Mary Ostrowski

Personal information
- Born: April 22, 1962 Shreveport, Louisiana, U.S.
- Died: July 19, 2013 (aged 51) Abingdon, Virginia, U.S.
- Listed height: 6 ft 2 in (1.88 m)

Career information
- High school: Parkersburg Catholic (Parkersburg, West Virginia)
- College: Tennessee (1980–1984)
- Position: Forward
- Number: 14

= Mary Ostrowski =

American basketball player

Mary Ostrowski (April 22, 1962 – July 19, 2013) was an American basketball player. Known as Mary O, Mo, or Big O, she was a Hall of Fame member for the University of Tennessee Lady Volunteers.

==Early life==
Mary Ostrowski was born on April 22, 1962, in Shreveport, Louisiana, the daughter of Chester Ostrowski and Freda Dowler Ostrowski, with three siblings. She grew up in Parkersburg, West Virginia. At Parkersburg Catholic High School, Ostrowski led her team to a state-record 88 consecutive wins and captured three West Virginia state titles, including Class A championships in 1977 and 1978.

She was a three-time recipient of the Russell A. Thom Award (1977–1979), which recognized the state’s top basketball player. In 1979, she became the only female athlete to be named West Virginia's Amateur Athlete of the Year.

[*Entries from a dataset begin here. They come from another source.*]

(* Write F_k for the span of the e_xy with l(x,y) >= k.  These subspaces form a
   filtration with [F_a, F_b] in F_(a+b), and since e_xw = [e_xy, e_yw] whenever y
   precedes w on a maximal chain from x to w, every Lie automorphism maps each F_k
   onto itself.  Conjugating phi by the unipotent 1 + s, s in F_m, changes it only
   by terms of higher degree; the weights f |-> f(a,a) - f(b,b) of the images of
   the idempotents e_zz satisfy a cocycle identity at level m which lets us choose
   s so that these images become diagonal up to level m + 1.  After #|X| steps we
   get a Lie automorphism psi agreeing with phi up to higher degree and mapping
   each e_zz to a diagonal element.  Then psi(e_xy) is a common eigenvector of
   the psi(e_zz), hence a multiple of a single e_q, and comparing the degrees of
   e_q and of its preimage forces l(q) = l(x,y): psi is exactly phi~. *)

From HB Require Import structures.
From mathcomp Require Import all_boot all_order all_algebra ring.
Set Implicit Arguments. Unset Strict Implicit. Unset Printing Implicit Defensive.
Import Order.TTheory GRing.Theory.
Local Open Scope ring_scope.

Lemma nilpotent_unit (R : pzRingType) (y : R) n : y ^+ n = 0 ->
  (1 - y) * (\sum_(i < n) y ^+ i) = 1 /\ (\sum_(i < n) y ^+ i) * (1 - y) = 1.
Proof.
move=> yn0; have geom := subrX1 y n; rewrite yn0 sub0r in geom.
have comm_sum : GRing.comm (y - 1) (\sum_(i < n) y ^+ i).
  apply: commr_sum => i _; apply/commr_sym/commrB; last exact: commr1.
  exact/commr_sym/commrX/commr_refl.
by rewrite -opprB mulNr mulrN -comm_sum -geom opprK.
Qed.

Lemma conj_subr (R : pzRingType) (u v f : R) : u * v = 1 ->
  u * f * v - f = (u * f - f * u) * v.
Proof. by move=> uv; rewrite mulrBl -{2}[f]mulr1 -uv mulrA. Qed.

(** * Lengths of intervals *)

Section ChainLength.
Variables (d : Order.disp_t) (X : finPOrderType d).
Implicit Types x y t w : X.

Lemma chain_inP x y n : reflect
  (exists2 s : seq X, size s = n.+1 &
     sorted <%O s && all (fun z => (x <= z)%O && (z <= y)%O) s)
  (chain_in x y n).
Proof.
apply: (iffP existsP) => [[s hs]|[s sz hs]]; first by exists s; rewrite ?size_tuple.
have sz' : size s == n.+1 by rewrite sz.
by exists (Tuple sz').
Qed.

Lemma chain_in_size x y n : chain_in x y n -> (n < #|X|)%N.
Proof.
case/chain_inP=> s sz /andP[/lt_sorted_uniq us _].
by rewrite -ltnS -sz -(card_uniqP us) ltnS max_card.
Qed.

Lemma chain_in0 x y : chain_in x y 0 = (x <= y)%O.
Proof.
apply/chain_inP/idP => [[[|z []] // _ /and3P[_ /andP[xz zy] _]]|xy].
  exact: le_trans xz zy.
by exists [:: x]; rewrite //= lexx xy.
Qed.

Lemma chain_in_le x y n : chain_in x y n -> (x <= y)%O.
Proof.
case/chain_inP=> -[|z s] // _ /andP[_ /= /andP[/andP[xz zy] _]].
exact: le_trans xz zy.
Qed.

Lemma ilen_ge x y n : chain_in x y n -> (n <= ilen x y)%N.
Proof. by move=> c; apply: (leq_bigmax_cond (Ordinal (chain_in_size c))). Qed.

Lemma ilen_chain x y : (x <= y)%O -> chain_in x y (ilen x y).
Proof.
rewrite -chain_in0 => c0.
by rewrite /ilen (bigop.bigmax_eq_arg (Ordinal (chain_in_size c0))) //; case: arg_maxnP.
Qed.

Lemma ilen_nle x y : ~~ (x <= y)%O -> ilen x y = 0.
Proof.
move=> nxy; apply/eqP; rewrite -leqn0; apply/bigmax_leqP => i /chain_in_le xy.
by rewrite xy in nxy.
Qed.

Lemma ilen_lt_card x y : (ilen x y < #|X|)%N.
Proof.
have [/ilen_chain/chain_in_size //|/ilen_nle ->] := boolP (x <= y)%O.
by apply/card_gt0P; exists x.
Qed.

Lemma ilen_xx x : ilen x x = 0.
Proof.
case/chain_inP: (ilen_chain (lexx x)) => -[|a [|b s]] //= [] // _.
case/and3P=> /andP[ab _] /andP[xa ax] /andP[/andP[xb bx] _].
have ea : a = x by apply/le_anti; rewrite ax xa.
have eb : b = x by apply/le_anti; rewrite bx xb.
by rewrite ea eb ltxx in ab.
Qed.

Lemma ilen_gt0 x y : (0 < ilen x y)%N = (x < y)%O.
Proof.
apply/idP/idP => [pos|xy].
  have xy : (x <= y)%O by apply: contraLR pos => /ilen_nle ->.
  case/chain_inP: (ilen_chain xy) pos => -[|a [|b s]] //= [<-] //.
  case/and3P=> /andP[ab _] /andP[xa _] /andP[/andP[_ by'] _] _.
  exact: le_lt_trans xa (lt_le_trans ab by').
apply: (@ilen_ge x y 1); apply/chain_inP; exists [:: x; y] => //.
by rewrite /= xy !lexx (ltW xy).
Qed.

Lemma ilen_eq0 x y : (ilen x y == 0%N) = ~~ (x < y)%O.
Proof. by rewrite -ilen_gt0 lt0n negbK. Qed.

Lemma ilen_add x t w : (x <= t)%O -> (t <= w)%O ->
  (ilen x t + ilen t w <= ilen x w)%N.
Proof.
move=> xt tw; case/chain_inP: (ilen_chain xt) => s1 sz1 /andP[so1 al1].
case/chain_inP: (ilen_chain tw) => s2 sz2 /andP[so2 al2].
apply: ilen_ge; apply/chain_inP; exists (s1 ++ behead s2).
  by rewrite size_cat size_behead sz1 sz2.
rewrite all_cat; apply/and3P; split.
- case: s1 sz1 so1 al1 => [|a1 s1] // _ so1 al1; rewrite /= cat_path (so1 : path _ a1 s1) /=.
  case: s2 sz2 so2 al2 => [|a2 [|b2 s2]] //= _ /andP[a2b2 ->] /andP[/andP[ta2 _] _].
  rewrite andbT; apply: le_lt_trans a2b2; apply: le_trans ta2.
  by case/andP: (allP al1 _ (mem_last a1 s1)).
- by apply/allP => z /(allP al1) /andP[-> zt]; rewrite (le_trans zt tw).
- apply/allP => z /mem_behead /(allP al2) /andP[tz ->].
  by rewrite (le_trans xt tz).
Qed.

Lemma ilen_split x w k : (k < ilen x w)%N ->
  exists2 y, (x <= y)%O && (y < w)%O & (k <= ilen x y)%N.
Proof.
move=> kl; have xw : (x <= w)%O by apply: contraLR kl => /ilen_nle ->.
case/chain_inP: (ilen_chain xw) => s sz /andP[so al].
have k1s : (k.+1 < size s)%N by rewrite sz ltnS.
have ks := ltnW k1s.
have /andP[xy _] := allP al _ (mem_nth x ks).
have /andP[_ y'w] := allP al _ (mem_nth x k1s).
exists (nth x s k).
  by rewrite xy (lt_le_trans _ y'w) // lt_sorted_ltn_nth.
apply: ilen_ge; apply/chain_inP; exists (take k.+1 s).
  by rewrite size_take k1s.
rewrite (subseq_lt_sorted (take_subseq _ _) so); apply/allP => z zs.
have /andP[-> _] := allP al _ (mem_take zs).
have [i ilt <-] := nthP x zs; rewrite size_take k1s in ilt.
by rewrite nth_take // lt_sorted_leq_nth // inE (ltn_trans ilt).
Qed.
End ChainLength.

(** * The incidence algebra and its filtration *)

Section IncidenceAlgebra.
Variables (K : fieldType) (d : Order.disp_t) (X : finPOrderType d).

Definition funmx := {ffun X * X -> K}.
HB.instance Definition _ := GRing.Lmodule.copy funmx {ffun X * X -> K^o}.
Implicit Types (f g h u v : funmx).

Definition convol (f g : funmx) : funmx :=
  [ffun p => \sum_(t : X) f (p.1, t) * g (t, p.2)].
Definition convol1 : funmx := [ffun p => (p.1 == p.2)%:R].

Fact convolA : associative convol.
Proof.
move=> f g h; apply/ffunP=> -[a b]; rewrite !ffunE /=.
under eq_bigr => t _ do rewrite ffunE big_distrr.
rewrite exchange_big; apply: eq_bigr => s _ /=; rewrite ffunE big_distrl.
by apply: eq_bigr => t _; rewrite mulrA.
Qed.

Fact convol1l : left_id convol1 convol.
Proof.
move=> f; apply/ffunP=> -[a b]; rewrite ffunE (bigD1 a) //= big1 ?addr0.
  by rewrite ffunE eqxx mul1r.
by move=> t /negPf ta; rewrite ffunE /= eq_sym ta mul0r.
Qed.

Fact convol1r : right_id convol1 convol.
Proof.
move=> f; apply/ffunP=> -[a b]; rewrite ffunE (bigD1 b) //= big1 ?addr0.
  by rewrite ffunE eqxx mulr1.
by move=> t /negPf tb; rewrite ffunE /= tb mulr0.
Qed.

Fact convolDl : left_distributive convol +%R.
Proof.
move=> f g h; apply/ffunP=> p; rewrite !ffunE -big_split.
by apply: eq_bigr => t _; rewrite ffunE mulrDl.
Qed.

Fact convolDr : right_distributive convol +%R.
Proof.
move=> f g h; apply/ffunP=> p; rewrite !ffunE -big_split.
by apply: eq_bigr => t _; rewrite ffunE mulrDr.
Qed.

HB.instance Definition _ := GRing.Zmodule_isPzRing.Build funmx
  convolA convol1l convol1r convolDl convolDr.

Lemma mulmxE (f g : funmx) p : (f * g) p = \sum_(t : X) f (p.1, t) * g (t, p.2).
Proof. by rewrite ffunE. Qed.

A noted Little League pitcher in her youth, Ostrowski was already commanding national attention by the time she entered high school.

In 1976, Tennessee coach Pat Summitt first noticed Ostrowski at a basketball camp in Fort Worth, Texas. Thinking she was watching a college player, Summitt was stunned to learn Ostrowski was only a high school freshman. That moment began a recruitment journey that ended with Ostrowski becoming the first No. 1-ranked recruit to sign with Tennessee, joining the Lady Vols in 1980.

==Career==
===Tennessee (1980–1984)===
From 1980 to 1984, Ostrowski starred as a 6-foot-2 forward for the University of Tennessee Lady Volunteers. She earned a reputation for toughness, high basketball IQ, and fluid post play, particularly her signature hook shot.

- Career Statistics
- 1,729 career points
- 994 rebounds
- Career averages: 13.8 points, 8.0 rebounds per game
- Senior year: 15.9 ppg, 8.6 rpg

- Honors and accolades
- 1982 Kodak All-American
- All-SEC in 1982 and 1984
- SEC All-Tournament Team in 1982
- Led team in scoring in 1981–82 and 1983–84
- Led team in rebounding from 1981 to 1984

Ostrowski helped lead the Lady Vols to three NCAA Final Fours (1981, 1982, 1984). Her senior season in 1984 was especially dominant: she was named the NCAA Mideast Regional MVP, made the Final Four All-Tournament Team, and was the tournament’s leading scorer and rebounder.

===International play and national recognition===
Ostrowski was selected to the U.S. Junior National Team from 1978 to 1980, and then the U.S. National Team from 1981 to 1983. She helped the United States earn a gold medal at the 1983 World University Games.

==Legacy and honors==
She graduated in 1985 with a degree in business administration.

- 2006: Inducted into the Lady Vol Hall of Fame
- 2011: The West Virginia Sports Writers Association renamed its annual Girls Basketball Player of the Year Award to the Mary Ostrowski Award
- 2012: Became the fifth woman inducted into the West Virginia Sports Hall of Fame

==Illness and death==
In 2007, Ostrowski was diagnosed with multiple myeloma, a form of blood cancer. She died on July 19, 2013, at the age of 51 in Abingdon, Virginia.